** EXERCISE DETAILS **
Once the line with "Lemma maxabs_cdf1_unbounded (x" is found in the entries below, print it and each following line exactly, stopping after the line with "(* F_2 <= F_1, hence q^b(1) <= q^b(2). *)"; print nothing else.

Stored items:
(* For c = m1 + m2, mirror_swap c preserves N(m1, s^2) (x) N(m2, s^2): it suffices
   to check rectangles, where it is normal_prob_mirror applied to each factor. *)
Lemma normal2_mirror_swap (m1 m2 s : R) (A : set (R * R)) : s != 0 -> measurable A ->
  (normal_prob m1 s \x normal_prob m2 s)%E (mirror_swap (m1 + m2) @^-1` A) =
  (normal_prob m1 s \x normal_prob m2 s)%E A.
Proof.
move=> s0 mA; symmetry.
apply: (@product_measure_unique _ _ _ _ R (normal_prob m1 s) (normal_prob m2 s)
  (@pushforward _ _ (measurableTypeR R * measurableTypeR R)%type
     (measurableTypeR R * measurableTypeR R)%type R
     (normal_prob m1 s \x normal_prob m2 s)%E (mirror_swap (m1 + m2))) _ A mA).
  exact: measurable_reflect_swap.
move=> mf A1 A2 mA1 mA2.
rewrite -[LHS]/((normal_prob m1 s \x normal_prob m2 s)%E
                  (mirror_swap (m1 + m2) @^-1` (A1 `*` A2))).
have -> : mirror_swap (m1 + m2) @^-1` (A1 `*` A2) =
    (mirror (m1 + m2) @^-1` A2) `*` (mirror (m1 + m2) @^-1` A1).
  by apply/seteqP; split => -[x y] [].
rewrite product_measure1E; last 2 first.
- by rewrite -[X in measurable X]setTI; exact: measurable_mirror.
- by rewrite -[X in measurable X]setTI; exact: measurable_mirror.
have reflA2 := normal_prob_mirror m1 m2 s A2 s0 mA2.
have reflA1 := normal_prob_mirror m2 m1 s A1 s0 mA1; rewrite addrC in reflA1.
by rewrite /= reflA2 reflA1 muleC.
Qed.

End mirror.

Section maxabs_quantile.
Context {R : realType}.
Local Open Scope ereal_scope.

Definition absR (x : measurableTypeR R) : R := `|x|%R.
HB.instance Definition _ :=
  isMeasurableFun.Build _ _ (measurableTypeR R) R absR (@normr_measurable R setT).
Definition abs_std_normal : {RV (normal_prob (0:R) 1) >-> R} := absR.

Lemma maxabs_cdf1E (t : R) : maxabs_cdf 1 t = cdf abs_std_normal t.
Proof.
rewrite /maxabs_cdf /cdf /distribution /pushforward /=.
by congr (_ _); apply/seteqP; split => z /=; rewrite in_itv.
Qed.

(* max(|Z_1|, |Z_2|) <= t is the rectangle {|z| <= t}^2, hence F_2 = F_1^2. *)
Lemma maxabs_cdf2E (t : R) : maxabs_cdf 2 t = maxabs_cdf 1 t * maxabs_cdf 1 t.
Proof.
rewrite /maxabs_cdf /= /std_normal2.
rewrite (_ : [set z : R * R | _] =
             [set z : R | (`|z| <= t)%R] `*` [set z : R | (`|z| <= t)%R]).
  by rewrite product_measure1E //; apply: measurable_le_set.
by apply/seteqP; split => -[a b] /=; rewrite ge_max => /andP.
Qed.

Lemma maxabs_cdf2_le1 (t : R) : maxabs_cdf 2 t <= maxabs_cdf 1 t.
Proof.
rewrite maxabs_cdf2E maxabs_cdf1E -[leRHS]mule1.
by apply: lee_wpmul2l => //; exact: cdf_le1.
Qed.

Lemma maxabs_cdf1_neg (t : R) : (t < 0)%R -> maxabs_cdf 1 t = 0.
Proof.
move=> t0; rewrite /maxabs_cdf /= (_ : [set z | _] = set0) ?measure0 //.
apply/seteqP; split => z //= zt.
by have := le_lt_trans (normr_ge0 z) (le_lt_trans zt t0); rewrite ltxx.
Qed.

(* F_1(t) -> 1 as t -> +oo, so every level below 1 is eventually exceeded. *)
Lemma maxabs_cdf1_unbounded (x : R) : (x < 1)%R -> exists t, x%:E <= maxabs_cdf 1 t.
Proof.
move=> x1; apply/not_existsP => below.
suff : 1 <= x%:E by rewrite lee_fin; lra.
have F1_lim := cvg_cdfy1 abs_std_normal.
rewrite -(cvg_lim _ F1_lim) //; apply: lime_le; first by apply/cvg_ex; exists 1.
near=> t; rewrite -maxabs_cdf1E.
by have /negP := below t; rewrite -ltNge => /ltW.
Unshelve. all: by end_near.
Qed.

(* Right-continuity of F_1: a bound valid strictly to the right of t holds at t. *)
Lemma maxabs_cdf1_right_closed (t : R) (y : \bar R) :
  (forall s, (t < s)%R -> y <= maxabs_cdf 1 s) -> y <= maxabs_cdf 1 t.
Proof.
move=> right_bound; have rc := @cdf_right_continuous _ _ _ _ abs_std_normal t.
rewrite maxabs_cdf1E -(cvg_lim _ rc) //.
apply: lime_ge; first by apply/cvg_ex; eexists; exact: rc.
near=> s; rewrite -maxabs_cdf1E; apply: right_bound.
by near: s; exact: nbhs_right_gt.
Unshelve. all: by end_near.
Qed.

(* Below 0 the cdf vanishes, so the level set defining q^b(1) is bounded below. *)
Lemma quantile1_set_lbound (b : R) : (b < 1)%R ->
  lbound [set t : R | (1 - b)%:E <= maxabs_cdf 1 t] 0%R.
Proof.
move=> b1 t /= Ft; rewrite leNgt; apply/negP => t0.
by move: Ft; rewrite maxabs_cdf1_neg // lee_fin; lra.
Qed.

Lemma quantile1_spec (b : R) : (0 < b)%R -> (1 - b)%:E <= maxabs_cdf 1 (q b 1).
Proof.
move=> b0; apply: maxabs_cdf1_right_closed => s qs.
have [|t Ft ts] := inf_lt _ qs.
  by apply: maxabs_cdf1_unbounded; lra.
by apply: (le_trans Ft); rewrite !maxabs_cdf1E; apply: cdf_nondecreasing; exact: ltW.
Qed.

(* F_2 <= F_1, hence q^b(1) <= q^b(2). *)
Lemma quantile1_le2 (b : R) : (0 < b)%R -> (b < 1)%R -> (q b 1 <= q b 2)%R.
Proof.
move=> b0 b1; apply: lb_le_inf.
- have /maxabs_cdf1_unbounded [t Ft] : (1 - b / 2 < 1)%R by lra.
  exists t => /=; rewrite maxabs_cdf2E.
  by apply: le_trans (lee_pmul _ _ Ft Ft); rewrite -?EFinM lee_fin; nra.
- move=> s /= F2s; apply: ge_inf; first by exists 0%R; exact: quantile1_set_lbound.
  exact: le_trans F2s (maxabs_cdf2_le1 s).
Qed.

** ANSWER TO THIS EXERCISE **
Lemma maxabs_cdf1_unbounded (x : R) : (x < 1)%R -> exists t, x%:E <= maxabs_cdf 1 t.
Proof.
move=> x1; apply/not_existsP => below.
suff : 1 <= x%:E by rewrite lee_fin; lra.
have F1_lim := cvg_cdfy1 abs_std_normal.
rewrite -(cvg_lim _ F1_lim) //; apply: lime_le; first by apply/cvg_ex; exists 1.
near=> t; rewrite -maxabs_cdf1E.
by have /negP := below t; rewrite -ltNge => /ltW.
Unshelve. all: by end_near.
Qed.

(* Right-continuity of F_1: a bound valid strictly to the right of t holds at t. *)
Lemma maxabs_cdf1_right_closed (t : R) (y : \bar R) :
  (forall s, (t < s)%R -> y <= maxabs_cdf 1 s) -> y <= maxabs_cdf 1 t.
Proof.
move=> right_bound; have rc := @cdf_right_continuous _ _ _ _ abs_std_normal t.
rewrite maxabs_cdf1E -(cvg_lim _ rc) //.
apply: lime_ge; first by apply/cvg_ex; eexists; exact: rc.
near=> s; rewrite -maxabs_cdf1E; apply: right_bound.
by near: s; exact: nbhs_right_gt.
Unshelve. all: by end_near.
Qed.

(* Below 0 the cdf vanishes, so the level set defining q^b(1) is bounded below. *)
Lemma quantile1_set_lbound (b : R) : (b < 1)%R ->
  lbound [set t : R | (1 - b)%:E <= maxabs_cdf 1 t] 0%R.
Proof.
move=> b1 t /= Ft; rewrite leNgt; apply/negP => t0.
by move: Ft; rewrite maxabs_cdf1_neg // lee_fin; lra.
Qed.

Lemma quantile1_spec (b : R) : (0 < b)%R -> (1 - b)%:E <= maxabs_cdf 1 (q b 1).
Proof.
move=> b0; apply: maxabs_cdf1_right_closed => s qs.
have [|t Ft ts] := inf_lt _ qs.
  by apply: maxabs_cdf1_unbounded; lra.
by apply: (le_trans Ft); rewrite !maxabs_cdf1E; apply: cdf_nondecreasing; exact: ltW.
Qed.

(* F_2 <= F_1, hence q^b(1) <= q^b(2). *)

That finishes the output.